→ **WHAT IS REQUIRED**
Copy each line of the records below that mentions the word "comPzRingType".

INFORMATION GIVEN Block Start

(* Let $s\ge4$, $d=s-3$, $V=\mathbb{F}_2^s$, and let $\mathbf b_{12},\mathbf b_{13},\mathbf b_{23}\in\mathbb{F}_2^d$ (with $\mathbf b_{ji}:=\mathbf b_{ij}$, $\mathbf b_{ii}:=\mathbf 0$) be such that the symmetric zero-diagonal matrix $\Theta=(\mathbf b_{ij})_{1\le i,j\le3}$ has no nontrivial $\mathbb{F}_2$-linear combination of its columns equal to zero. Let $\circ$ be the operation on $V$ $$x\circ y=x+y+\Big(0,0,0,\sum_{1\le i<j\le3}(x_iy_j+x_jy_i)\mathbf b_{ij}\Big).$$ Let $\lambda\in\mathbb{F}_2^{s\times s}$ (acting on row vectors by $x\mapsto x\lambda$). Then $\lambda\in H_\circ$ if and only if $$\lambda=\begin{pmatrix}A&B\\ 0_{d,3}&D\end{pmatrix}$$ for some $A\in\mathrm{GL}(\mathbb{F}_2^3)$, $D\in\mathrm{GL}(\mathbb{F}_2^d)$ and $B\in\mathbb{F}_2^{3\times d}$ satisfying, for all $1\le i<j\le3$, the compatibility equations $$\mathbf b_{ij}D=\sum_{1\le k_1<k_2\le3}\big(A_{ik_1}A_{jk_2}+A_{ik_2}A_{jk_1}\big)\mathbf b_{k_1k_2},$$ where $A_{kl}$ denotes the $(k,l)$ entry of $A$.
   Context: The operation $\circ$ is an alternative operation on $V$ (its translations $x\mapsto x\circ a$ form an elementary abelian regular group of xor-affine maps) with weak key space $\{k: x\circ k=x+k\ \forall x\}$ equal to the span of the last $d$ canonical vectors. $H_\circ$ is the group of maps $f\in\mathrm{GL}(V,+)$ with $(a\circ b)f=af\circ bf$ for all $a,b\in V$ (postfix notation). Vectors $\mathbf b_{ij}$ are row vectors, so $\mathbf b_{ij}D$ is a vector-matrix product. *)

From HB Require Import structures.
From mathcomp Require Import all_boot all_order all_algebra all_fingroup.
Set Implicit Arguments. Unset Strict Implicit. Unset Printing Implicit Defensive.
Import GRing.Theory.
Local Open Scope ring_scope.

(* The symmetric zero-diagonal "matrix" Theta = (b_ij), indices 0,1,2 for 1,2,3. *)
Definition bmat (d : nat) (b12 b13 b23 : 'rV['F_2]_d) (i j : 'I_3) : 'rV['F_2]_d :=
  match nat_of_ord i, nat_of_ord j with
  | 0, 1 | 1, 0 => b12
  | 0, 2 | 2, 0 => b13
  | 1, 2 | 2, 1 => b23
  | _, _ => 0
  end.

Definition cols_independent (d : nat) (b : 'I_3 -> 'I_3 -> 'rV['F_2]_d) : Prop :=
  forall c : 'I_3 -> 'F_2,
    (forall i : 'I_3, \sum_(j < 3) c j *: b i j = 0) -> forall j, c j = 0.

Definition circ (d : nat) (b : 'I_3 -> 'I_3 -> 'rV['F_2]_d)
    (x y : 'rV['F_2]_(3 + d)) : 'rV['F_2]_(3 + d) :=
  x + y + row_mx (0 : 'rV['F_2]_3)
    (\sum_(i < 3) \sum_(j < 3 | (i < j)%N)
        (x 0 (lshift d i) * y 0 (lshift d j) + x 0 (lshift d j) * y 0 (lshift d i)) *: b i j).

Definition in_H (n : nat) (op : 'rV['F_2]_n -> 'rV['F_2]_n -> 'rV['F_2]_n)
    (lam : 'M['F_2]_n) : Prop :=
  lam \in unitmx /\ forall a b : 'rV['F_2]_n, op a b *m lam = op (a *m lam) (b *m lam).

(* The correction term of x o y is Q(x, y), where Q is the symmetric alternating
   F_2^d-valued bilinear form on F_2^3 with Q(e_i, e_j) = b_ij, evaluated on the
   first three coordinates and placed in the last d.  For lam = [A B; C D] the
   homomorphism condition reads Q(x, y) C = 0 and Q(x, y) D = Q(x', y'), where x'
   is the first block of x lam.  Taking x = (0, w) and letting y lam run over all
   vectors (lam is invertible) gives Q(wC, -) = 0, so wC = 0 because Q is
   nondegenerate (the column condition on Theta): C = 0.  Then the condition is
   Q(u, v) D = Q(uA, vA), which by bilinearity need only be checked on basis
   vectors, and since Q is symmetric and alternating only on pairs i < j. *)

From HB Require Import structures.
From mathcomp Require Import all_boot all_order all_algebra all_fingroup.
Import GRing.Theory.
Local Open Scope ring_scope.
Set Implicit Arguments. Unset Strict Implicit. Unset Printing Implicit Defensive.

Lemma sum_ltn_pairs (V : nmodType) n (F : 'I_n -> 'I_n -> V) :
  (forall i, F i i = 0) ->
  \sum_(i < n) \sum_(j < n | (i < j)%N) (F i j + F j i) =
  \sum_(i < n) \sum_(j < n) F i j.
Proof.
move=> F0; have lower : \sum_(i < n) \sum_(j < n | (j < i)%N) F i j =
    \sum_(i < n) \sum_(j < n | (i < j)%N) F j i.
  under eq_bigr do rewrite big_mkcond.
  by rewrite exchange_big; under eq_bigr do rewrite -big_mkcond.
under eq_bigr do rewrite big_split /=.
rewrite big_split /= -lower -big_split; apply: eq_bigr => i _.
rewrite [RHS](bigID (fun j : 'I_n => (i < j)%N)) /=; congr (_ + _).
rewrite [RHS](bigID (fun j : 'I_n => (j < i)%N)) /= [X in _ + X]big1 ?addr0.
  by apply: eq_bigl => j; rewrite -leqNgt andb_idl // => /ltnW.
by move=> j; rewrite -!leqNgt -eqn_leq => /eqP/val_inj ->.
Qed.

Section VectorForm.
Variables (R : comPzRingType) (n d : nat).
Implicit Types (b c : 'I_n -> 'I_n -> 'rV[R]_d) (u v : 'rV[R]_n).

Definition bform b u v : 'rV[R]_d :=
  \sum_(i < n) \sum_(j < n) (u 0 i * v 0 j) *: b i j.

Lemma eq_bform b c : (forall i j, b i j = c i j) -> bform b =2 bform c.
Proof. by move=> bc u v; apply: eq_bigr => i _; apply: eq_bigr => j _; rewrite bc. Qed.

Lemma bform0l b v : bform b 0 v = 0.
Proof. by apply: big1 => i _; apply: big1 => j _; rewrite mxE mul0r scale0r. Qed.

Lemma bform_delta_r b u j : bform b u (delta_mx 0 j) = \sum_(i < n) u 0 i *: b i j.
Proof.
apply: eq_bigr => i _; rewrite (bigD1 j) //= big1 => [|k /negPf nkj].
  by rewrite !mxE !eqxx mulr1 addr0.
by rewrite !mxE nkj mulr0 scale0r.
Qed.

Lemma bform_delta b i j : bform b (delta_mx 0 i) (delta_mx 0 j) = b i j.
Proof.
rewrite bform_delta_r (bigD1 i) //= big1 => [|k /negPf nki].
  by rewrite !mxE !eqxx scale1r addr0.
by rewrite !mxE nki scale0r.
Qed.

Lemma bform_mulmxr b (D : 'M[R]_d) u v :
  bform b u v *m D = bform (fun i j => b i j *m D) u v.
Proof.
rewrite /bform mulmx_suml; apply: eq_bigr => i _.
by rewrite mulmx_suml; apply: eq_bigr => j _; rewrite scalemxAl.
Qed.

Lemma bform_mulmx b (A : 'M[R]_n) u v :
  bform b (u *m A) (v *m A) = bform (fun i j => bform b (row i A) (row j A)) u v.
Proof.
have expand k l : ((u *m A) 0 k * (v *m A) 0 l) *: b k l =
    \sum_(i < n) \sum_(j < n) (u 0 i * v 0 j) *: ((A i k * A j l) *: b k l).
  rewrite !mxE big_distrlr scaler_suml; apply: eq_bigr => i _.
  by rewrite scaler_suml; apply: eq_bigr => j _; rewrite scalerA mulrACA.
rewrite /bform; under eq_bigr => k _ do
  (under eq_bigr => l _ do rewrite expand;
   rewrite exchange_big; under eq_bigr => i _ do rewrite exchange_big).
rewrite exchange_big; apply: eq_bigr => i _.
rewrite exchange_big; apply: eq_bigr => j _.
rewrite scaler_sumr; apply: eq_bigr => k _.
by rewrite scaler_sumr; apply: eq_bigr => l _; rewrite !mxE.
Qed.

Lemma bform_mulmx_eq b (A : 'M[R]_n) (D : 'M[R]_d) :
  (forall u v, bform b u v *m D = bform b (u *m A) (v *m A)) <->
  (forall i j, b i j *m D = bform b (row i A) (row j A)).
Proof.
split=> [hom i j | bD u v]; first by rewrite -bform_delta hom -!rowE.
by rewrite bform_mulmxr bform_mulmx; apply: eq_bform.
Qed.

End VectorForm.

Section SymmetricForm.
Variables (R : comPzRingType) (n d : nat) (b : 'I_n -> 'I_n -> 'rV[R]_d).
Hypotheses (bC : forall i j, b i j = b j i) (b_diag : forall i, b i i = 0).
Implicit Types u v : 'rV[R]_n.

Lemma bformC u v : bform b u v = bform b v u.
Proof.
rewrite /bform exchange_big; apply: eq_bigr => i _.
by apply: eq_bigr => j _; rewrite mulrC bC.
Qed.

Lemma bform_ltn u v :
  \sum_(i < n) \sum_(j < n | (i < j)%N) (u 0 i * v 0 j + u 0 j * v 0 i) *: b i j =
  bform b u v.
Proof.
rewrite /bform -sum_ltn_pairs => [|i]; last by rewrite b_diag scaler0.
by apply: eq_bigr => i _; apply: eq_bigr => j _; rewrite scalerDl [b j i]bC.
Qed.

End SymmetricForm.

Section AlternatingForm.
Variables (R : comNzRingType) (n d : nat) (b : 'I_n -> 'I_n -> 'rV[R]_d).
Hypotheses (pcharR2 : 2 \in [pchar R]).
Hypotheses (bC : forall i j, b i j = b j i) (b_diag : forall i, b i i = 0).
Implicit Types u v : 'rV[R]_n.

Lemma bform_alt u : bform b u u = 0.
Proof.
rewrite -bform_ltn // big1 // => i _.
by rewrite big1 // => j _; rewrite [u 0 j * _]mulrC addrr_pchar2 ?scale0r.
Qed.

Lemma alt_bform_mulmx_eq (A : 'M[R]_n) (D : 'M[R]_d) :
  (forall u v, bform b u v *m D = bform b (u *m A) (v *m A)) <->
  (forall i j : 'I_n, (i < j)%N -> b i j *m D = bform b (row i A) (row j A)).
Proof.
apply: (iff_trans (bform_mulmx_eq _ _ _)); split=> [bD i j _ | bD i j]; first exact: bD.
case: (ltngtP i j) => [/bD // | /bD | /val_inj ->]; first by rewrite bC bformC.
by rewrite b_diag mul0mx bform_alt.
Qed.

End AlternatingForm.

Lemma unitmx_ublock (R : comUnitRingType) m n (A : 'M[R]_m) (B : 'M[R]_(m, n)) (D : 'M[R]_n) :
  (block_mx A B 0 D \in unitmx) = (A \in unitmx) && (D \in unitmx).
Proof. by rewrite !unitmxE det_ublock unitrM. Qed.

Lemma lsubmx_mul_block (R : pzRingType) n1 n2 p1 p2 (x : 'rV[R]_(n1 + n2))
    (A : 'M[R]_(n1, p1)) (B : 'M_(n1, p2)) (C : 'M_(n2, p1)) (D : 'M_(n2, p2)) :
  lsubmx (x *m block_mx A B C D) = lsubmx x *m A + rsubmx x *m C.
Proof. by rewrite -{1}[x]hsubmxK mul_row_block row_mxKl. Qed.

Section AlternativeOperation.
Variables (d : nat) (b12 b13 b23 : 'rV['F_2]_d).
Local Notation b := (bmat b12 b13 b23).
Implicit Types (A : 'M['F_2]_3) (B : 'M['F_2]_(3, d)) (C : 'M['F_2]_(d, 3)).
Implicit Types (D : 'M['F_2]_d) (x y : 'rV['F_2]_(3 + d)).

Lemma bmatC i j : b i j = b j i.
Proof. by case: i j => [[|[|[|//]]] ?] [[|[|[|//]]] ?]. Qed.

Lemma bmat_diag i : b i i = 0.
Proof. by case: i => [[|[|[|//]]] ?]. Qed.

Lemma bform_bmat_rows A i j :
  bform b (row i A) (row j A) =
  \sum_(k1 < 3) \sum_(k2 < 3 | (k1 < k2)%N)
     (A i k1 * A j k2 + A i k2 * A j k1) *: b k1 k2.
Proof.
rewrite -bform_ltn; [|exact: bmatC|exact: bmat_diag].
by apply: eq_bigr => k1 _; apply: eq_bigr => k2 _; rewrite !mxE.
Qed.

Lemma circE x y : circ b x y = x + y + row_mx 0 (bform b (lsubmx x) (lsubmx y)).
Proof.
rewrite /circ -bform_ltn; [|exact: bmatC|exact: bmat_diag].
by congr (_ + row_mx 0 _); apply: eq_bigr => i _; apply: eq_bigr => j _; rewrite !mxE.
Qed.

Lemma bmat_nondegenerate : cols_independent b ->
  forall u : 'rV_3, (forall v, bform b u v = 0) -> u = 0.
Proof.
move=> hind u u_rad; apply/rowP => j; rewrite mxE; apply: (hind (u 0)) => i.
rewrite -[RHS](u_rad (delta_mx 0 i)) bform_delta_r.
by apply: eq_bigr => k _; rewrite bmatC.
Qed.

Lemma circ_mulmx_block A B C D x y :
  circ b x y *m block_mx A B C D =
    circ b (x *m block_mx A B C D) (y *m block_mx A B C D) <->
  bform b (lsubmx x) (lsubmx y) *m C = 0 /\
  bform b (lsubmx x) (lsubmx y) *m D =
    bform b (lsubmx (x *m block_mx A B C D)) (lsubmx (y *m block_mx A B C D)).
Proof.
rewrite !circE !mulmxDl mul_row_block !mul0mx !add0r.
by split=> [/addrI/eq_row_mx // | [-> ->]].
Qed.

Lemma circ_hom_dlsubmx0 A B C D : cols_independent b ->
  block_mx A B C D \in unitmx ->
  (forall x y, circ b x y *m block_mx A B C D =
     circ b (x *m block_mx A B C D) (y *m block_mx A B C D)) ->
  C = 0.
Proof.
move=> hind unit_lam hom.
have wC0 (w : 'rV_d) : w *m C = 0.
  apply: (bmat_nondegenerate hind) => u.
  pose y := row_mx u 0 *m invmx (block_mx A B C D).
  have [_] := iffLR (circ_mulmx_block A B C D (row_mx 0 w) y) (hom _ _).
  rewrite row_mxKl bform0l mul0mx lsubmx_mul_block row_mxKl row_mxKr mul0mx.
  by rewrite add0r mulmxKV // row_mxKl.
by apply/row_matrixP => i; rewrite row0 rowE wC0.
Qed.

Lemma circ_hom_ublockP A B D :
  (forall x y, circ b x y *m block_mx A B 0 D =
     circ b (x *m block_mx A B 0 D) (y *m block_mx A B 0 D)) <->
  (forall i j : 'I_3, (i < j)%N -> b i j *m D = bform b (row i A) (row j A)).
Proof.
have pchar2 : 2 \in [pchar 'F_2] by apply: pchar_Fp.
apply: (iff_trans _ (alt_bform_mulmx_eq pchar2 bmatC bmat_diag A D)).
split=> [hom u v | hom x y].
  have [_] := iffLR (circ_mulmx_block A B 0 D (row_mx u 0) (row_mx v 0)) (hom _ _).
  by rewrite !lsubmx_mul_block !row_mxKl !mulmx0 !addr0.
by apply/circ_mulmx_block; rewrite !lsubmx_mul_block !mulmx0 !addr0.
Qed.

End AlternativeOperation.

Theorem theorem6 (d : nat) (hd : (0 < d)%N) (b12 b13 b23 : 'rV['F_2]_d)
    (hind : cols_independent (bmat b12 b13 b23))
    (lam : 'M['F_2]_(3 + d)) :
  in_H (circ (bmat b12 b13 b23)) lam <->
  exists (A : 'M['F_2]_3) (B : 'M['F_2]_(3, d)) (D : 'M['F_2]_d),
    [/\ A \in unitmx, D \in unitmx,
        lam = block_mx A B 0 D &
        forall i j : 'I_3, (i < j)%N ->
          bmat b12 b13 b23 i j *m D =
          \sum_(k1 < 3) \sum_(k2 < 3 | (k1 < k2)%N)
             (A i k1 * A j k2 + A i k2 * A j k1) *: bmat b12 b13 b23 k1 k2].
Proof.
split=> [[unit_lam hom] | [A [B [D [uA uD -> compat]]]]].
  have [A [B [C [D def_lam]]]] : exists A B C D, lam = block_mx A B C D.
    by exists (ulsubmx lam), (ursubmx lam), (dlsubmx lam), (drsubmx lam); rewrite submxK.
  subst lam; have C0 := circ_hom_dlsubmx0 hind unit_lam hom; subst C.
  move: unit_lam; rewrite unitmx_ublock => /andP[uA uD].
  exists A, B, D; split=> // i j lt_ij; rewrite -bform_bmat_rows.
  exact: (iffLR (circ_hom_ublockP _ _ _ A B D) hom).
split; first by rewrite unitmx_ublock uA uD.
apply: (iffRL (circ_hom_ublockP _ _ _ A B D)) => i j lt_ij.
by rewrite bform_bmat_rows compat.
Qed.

INFORMATION GIVEN Block End

→ **ANSWER TO THE EXERCISE**
Variables (R : comPzRingType) (n d : nat).
Variables (R : comPzRingType) (n d : nat) (b : 'I_n -> 'I_n -> 'rV[R]_d).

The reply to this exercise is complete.